EXERCISE GOAL >> Transcribe word for word the lines below from the line with "v.1 = d \/ v.2 = d -> d \notin A ->" through the line with "move=> y yP", ends included.
___ EXTRACTED RECORDS ___
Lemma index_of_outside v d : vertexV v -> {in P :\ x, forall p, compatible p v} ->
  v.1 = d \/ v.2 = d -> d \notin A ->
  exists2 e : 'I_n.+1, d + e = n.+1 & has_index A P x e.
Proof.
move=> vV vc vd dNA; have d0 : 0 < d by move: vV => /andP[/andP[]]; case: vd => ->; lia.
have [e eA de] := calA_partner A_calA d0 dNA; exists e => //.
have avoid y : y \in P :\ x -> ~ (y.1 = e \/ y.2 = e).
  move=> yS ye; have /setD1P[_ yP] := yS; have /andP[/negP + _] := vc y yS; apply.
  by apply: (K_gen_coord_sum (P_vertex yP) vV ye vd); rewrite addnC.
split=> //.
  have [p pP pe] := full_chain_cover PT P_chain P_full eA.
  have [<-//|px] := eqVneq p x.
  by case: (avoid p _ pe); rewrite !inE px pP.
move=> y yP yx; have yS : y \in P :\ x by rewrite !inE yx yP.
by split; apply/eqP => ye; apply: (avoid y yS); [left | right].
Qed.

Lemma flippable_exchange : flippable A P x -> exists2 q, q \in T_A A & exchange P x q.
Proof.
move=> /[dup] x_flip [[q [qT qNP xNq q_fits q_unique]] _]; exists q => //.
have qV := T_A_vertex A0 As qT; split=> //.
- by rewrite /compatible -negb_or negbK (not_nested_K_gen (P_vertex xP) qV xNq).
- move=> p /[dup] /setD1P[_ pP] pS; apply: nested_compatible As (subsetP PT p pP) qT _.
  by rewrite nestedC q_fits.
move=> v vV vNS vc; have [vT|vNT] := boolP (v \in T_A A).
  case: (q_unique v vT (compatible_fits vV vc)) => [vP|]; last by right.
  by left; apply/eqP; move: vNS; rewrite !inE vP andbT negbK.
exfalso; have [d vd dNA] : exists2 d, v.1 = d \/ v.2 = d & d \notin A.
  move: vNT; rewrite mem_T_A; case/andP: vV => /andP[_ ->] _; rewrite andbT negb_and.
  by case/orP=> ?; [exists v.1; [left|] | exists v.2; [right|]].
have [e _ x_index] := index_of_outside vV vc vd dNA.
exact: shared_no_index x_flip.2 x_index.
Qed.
___
___ EXTRACTED RECORDS ___
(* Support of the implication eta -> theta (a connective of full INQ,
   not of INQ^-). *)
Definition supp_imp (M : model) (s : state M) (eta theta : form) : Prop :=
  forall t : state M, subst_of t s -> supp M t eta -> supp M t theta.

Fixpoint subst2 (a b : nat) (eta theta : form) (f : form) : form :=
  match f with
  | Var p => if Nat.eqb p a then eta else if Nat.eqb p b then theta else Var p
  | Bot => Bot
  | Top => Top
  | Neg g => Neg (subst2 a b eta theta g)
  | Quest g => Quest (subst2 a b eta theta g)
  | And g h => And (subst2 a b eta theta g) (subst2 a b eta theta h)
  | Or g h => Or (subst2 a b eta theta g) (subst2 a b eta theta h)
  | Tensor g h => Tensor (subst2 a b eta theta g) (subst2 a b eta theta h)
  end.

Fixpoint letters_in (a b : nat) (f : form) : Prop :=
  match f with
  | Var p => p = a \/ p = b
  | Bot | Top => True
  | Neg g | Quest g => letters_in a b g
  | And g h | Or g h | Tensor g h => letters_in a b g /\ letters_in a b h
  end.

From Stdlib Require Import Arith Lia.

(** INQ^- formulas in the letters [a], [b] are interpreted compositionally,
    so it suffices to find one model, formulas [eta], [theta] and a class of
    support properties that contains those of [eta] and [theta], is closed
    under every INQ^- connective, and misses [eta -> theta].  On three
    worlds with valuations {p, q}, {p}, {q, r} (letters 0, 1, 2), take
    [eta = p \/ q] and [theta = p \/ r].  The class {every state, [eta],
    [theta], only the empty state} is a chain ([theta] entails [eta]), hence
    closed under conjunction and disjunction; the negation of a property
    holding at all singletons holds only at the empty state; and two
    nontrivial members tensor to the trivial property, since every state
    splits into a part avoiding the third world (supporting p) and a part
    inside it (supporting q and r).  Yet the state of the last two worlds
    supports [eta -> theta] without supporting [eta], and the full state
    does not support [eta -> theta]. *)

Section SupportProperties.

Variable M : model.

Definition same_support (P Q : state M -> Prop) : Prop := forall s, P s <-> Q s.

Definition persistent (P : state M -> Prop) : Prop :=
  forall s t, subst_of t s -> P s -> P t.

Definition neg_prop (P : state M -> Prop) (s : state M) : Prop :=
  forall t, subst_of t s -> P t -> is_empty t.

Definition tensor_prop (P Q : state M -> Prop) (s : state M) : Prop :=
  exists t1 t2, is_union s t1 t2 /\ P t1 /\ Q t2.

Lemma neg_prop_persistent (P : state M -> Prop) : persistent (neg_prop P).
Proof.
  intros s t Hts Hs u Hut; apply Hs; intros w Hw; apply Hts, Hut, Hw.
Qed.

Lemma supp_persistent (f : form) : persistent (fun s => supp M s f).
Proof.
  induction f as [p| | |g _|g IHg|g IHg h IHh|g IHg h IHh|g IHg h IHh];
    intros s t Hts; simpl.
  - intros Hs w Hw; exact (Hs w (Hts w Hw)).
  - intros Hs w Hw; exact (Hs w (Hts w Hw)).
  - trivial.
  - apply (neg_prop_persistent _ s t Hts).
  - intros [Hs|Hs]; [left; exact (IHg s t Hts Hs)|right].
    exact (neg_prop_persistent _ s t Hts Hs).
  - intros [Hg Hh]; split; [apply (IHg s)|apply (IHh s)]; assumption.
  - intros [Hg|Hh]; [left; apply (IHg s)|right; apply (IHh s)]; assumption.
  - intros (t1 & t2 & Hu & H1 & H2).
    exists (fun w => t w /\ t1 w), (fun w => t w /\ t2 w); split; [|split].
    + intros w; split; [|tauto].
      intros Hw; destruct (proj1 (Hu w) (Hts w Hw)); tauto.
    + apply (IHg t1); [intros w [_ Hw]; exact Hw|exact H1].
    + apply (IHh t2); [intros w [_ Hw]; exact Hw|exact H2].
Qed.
___
___ EXTRACTED RECORDS ___
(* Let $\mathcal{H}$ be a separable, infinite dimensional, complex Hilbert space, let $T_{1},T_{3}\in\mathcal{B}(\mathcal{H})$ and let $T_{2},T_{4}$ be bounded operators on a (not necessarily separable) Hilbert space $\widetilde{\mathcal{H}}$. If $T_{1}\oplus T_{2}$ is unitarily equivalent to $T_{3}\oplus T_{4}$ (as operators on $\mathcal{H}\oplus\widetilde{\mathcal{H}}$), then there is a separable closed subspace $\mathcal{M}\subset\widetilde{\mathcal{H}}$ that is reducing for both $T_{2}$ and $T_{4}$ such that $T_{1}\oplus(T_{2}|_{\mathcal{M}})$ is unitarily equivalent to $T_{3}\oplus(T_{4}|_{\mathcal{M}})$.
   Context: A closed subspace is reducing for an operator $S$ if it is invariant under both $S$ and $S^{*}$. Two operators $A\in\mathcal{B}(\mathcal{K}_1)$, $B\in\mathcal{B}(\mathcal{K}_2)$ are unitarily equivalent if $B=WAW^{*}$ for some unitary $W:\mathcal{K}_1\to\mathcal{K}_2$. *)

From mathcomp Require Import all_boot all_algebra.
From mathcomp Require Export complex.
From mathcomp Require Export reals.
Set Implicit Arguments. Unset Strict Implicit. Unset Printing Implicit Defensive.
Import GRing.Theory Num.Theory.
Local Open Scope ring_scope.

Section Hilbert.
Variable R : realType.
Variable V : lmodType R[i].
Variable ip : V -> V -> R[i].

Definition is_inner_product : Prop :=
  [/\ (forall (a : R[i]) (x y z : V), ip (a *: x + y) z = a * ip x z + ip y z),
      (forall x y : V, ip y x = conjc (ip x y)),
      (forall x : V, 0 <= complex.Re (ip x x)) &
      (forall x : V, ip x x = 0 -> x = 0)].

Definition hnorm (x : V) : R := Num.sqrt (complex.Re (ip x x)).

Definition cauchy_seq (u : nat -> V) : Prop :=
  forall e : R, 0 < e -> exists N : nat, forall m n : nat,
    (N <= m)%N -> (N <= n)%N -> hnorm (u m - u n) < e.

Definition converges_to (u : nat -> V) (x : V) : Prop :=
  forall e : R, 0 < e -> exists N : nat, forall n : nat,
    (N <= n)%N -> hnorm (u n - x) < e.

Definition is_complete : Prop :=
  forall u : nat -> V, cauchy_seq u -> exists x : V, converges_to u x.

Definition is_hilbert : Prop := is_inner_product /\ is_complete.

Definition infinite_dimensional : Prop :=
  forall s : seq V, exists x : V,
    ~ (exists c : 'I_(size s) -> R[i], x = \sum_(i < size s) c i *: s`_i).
___
COMPLETED TASK >>
  v.1 = d \/ v.2 = d -> d \notin A ->
  exists2 e : 'I_n.+1, d + e = n.+1 & has_index A P x e.
Proof.
move=> vV vc vd dNA; have d0 : 0 < d by move: vV => /andP[/andP[]]; case: vd => ->; lia.
have [e eA de] := calA_partner A_calA d0 dNA; exists e => //.
have avoid y : y \in P :\ x -> ~ (y.1 = e \/ y.2 = e).
  move=> yS ye; have /setD1P[_ yP] := yS; have /andP[/negP + _] := vc y yS; apply.
  by apply: (K_gen_coord_sum (P_vertex yP) vV ye vd); rewrite addnC.
split=> //.
  have [p pP pe] := full_chain_cover PT P_chain P_full eA.
  have [<-//|px] := eqVneq p x.
  by case: (avoid p _ pe); rewrite !inE px pP.
move=> y yP yx; have yS : y \in P :\ x by rewrite !inE yx yP.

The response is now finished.